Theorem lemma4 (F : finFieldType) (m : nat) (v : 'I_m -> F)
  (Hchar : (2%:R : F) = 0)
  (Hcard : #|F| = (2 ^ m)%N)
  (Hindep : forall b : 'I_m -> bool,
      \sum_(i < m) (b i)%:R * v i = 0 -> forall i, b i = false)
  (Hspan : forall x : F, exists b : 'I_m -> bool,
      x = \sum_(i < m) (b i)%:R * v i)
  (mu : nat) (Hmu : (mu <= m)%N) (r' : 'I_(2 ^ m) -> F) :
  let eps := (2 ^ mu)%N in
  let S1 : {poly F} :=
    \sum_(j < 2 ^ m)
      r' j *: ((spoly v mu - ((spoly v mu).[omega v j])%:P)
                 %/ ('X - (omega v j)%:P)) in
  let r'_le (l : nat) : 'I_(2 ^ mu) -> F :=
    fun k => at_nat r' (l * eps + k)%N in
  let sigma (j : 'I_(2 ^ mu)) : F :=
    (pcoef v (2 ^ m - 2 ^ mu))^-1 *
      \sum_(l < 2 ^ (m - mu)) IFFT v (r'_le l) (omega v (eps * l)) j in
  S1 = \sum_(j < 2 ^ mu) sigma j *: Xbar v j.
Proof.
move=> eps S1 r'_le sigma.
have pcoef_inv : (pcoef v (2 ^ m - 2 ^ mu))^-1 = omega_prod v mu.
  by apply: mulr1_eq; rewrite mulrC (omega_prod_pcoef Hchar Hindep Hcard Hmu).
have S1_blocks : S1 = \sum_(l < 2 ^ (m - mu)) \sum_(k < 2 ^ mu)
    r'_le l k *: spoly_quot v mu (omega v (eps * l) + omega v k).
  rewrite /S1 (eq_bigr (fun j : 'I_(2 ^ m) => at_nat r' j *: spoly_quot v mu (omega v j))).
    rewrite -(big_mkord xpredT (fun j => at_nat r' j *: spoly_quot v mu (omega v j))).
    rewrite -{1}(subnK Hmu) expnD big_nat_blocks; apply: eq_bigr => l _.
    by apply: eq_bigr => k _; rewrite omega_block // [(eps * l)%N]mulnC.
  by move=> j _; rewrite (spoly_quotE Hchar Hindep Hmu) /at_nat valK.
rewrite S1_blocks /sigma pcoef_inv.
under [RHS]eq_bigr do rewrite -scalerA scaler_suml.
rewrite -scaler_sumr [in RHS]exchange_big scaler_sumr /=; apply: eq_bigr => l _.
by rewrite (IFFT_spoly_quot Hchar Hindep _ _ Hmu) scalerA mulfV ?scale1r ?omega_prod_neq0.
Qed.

...

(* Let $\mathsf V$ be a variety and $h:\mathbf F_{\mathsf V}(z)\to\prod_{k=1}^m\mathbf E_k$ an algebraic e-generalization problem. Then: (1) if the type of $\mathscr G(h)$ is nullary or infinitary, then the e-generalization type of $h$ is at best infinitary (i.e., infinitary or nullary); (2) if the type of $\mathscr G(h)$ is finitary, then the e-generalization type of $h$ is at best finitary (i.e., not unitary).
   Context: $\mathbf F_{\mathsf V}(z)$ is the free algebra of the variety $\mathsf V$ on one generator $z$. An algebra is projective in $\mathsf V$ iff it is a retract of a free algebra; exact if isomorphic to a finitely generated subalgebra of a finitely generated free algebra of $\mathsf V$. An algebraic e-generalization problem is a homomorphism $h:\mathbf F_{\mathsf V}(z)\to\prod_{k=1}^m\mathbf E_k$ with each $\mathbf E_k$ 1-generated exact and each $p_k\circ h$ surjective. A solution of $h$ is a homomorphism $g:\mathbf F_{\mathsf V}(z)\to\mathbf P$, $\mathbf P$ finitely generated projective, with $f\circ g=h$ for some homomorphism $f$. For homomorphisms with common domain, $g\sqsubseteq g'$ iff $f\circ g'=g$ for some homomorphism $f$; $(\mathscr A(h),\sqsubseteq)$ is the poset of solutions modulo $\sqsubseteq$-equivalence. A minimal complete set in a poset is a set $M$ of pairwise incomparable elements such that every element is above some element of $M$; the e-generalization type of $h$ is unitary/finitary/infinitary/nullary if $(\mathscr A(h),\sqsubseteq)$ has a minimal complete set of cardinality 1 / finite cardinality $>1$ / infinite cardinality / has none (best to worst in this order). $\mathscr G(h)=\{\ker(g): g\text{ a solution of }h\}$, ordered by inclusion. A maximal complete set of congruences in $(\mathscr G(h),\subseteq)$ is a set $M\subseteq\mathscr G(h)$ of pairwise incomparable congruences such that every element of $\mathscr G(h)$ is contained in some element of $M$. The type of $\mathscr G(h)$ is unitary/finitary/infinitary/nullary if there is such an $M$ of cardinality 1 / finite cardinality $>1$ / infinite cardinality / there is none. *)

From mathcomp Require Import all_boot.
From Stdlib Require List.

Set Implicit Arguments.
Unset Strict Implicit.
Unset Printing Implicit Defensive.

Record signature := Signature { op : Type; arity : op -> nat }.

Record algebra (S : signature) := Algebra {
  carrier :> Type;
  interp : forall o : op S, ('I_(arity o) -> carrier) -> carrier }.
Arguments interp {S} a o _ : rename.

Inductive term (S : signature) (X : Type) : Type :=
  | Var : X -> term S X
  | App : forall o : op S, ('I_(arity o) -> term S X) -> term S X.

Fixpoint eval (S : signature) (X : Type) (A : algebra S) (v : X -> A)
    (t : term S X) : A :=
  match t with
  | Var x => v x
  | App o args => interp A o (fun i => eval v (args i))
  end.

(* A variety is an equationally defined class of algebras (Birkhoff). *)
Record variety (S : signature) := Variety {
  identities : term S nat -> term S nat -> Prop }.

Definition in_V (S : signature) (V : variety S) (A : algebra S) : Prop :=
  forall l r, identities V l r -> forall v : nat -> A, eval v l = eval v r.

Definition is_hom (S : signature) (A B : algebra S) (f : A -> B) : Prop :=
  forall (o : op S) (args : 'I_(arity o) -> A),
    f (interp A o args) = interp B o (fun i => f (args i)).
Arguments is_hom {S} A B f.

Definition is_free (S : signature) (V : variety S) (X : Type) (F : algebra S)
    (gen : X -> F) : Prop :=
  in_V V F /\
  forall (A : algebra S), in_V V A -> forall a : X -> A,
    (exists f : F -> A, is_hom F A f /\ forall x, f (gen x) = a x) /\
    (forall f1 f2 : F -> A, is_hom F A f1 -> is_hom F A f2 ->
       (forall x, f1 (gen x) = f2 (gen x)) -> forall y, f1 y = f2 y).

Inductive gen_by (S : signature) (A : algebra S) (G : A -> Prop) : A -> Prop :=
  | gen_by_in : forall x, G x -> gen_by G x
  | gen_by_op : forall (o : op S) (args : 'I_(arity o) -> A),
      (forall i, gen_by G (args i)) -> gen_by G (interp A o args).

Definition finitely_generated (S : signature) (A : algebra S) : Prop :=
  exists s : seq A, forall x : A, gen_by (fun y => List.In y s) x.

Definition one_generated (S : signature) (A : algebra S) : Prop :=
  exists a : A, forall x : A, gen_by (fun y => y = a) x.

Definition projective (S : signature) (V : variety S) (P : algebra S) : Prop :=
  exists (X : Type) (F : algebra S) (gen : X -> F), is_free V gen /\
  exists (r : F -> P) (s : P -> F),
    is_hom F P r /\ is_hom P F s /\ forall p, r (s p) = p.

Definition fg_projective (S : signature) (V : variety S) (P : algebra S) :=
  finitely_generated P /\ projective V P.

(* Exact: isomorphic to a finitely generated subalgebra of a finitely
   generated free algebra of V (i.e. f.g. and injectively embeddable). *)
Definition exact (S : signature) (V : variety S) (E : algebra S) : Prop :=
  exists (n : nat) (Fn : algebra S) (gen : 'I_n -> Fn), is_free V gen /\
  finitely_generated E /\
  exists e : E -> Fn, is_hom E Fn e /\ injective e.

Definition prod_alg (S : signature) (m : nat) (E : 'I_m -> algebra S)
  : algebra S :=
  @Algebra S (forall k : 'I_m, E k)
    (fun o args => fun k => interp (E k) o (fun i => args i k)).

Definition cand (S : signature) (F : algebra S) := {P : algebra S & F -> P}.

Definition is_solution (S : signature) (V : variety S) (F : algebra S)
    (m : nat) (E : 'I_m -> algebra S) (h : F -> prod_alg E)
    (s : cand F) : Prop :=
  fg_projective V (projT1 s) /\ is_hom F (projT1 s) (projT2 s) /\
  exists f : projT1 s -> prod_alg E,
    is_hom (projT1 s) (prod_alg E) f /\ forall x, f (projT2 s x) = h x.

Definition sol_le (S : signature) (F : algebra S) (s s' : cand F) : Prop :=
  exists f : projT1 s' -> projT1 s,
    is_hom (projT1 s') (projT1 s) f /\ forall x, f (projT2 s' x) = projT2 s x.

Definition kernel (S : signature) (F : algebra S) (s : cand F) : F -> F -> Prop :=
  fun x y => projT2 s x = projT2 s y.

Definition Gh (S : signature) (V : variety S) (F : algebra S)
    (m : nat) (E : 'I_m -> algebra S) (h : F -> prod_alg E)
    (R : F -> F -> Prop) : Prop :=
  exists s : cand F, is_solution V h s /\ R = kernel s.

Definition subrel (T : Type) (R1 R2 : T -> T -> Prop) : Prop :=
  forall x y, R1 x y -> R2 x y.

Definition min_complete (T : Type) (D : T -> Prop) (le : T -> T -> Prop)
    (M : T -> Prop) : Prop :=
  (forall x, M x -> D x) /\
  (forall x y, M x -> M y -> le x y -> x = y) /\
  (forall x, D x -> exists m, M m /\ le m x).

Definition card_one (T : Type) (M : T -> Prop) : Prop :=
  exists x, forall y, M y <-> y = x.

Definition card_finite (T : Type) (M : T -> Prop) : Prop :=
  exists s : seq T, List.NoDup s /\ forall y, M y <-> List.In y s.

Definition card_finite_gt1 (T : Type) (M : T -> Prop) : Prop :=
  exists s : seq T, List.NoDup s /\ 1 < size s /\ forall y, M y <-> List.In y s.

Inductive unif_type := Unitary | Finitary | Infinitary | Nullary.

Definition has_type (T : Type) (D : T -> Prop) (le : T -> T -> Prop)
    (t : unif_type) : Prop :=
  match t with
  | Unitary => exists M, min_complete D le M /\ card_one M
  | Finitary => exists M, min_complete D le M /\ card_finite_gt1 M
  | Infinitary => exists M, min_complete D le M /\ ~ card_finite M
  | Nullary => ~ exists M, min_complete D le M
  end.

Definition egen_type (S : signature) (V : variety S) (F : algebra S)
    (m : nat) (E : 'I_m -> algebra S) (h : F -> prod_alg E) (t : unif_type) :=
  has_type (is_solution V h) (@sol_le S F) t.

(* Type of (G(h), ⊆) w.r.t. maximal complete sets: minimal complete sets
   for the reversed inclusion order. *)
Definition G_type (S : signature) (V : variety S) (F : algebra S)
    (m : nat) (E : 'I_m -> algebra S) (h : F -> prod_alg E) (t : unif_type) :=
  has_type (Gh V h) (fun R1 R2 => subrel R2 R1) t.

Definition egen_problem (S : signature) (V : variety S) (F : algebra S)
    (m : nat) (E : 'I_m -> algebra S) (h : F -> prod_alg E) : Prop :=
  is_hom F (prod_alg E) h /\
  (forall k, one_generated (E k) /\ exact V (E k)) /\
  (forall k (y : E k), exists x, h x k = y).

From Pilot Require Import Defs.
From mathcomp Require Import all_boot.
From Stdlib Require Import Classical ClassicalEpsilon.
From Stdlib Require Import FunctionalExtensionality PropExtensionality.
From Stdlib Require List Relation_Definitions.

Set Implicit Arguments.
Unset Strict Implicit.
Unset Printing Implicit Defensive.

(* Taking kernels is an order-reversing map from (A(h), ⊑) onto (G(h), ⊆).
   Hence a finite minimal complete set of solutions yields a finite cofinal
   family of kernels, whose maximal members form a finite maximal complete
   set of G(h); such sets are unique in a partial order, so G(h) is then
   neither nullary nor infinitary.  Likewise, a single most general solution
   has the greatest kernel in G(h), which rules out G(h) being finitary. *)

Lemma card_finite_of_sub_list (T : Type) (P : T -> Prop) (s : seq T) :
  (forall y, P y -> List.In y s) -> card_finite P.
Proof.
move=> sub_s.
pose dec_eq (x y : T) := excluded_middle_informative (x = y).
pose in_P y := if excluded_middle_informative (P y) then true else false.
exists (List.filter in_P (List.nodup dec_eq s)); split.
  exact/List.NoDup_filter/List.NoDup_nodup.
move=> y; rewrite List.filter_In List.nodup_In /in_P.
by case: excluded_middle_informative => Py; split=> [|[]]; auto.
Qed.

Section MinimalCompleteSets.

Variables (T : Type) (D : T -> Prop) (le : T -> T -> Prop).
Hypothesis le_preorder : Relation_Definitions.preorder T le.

---

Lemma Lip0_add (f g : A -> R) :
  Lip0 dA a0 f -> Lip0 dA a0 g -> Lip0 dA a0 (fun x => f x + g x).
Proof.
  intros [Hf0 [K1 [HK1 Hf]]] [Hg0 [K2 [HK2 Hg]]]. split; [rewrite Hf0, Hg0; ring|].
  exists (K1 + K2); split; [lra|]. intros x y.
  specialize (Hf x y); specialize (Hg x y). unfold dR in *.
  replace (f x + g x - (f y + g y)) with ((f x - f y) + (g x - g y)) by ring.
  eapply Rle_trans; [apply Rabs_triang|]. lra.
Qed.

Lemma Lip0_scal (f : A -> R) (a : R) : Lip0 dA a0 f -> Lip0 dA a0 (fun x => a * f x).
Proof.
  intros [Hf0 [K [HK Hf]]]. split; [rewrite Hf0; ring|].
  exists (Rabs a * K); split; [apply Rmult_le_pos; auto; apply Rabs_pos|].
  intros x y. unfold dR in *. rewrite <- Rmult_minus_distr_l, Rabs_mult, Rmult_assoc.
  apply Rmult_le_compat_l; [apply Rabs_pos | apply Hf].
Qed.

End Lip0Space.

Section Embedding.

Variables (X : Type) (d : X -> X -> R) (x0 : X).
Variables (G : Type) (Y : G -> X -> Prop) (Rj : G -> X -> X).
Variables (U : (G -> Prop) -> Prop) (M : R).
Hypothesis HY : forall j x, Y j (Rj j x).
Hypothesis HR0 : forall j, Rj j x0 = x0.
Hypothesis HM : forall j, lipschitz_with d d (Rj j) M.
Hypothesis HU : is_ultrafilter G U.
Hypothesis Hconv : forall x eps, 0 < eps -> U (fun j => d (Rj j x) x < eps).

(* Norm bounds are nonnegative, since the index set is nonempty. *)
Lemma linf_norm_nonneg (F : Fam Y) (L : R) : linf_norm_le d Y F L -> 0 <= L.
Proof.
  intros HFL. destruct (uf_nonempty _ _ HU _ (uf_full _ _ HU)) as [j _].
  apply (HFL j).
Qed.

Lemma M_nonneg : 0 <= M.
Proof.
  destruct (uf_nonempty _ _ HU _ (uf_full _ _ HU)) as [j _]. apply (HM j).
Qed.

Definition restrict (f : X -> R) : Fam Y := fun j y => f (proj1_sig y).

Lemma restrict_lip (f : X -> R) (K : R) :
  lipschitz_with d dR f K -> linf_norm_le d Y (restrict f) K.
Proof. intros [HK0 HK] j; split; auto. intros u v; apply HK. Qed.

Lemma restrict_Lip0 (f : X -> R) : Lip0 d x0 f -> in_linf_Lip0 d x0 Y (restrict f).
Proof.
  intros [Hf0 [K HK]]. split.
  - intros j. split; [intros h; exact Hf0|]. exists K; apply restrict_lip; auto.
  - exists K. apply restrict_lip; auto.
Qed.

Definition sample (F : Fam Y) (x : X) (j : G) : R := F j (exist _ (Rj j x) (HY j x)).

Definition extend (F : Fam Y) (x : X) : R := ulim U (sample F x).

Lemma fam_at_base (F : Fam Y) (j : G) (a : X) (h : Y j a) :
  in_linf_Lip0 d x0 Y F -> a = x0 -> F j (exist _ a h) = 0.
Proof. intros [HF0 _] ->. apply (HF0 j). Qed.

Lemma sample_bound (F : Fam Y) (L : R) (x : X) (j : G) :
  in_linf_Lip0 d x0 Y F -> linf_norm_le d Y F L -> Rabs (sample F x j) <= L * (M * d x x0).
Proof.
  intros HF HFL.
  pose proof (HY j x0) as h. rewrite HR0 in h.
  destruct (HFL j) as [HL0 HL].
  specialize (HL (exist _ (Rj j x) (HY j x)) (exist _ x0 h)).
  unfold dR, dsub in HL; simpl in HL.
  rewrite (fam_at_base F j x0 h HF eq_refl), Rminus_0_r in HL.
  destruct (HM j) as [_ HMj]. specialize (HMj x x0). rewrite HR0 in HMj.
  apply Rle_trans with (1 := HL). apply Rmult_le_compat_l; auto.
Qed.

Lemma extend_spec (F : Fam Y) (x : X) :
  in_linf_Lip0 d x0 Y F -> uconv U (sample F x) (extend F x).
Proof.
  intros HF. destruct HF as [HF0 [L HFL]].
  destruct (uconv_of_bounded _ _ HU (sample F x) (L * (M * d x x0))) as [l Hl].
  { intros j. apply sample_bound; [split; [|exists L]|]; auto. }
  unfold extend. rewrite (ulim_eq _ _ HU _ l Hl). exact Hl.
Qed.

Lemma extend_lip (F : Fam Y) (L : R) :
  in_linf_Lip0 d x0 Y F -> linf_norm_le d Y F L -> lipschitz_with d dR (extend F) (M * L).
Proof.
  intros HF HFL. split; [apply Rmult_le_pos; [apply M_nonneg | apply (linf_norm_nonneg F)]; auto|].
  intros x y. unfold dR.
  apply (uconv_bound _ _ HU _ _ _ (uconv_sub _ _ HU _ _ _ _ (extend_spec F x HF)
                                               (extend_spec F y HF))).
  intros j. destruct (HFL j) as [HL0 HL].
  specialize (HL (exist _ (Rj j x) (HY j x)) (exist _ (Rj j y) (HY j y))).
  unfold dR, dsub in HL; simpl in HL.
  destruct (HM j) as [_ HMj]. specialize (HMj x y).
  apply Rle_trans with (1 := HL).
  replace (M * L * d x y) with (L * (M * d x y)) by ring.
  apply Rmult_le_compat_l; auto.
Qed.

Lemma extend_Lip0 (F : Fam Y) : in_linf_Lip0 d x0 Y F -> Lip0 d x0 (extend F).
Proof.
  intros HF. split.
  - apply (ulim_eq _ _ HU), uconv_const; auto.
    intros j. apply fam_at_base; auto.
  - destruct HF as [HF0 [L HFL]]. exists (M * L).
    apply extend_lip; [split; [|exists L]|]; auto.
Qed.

* What needs to be done:
Please work out how many lines in the records hold the string "Hcard", and give only the number.

* Completed exercise:
2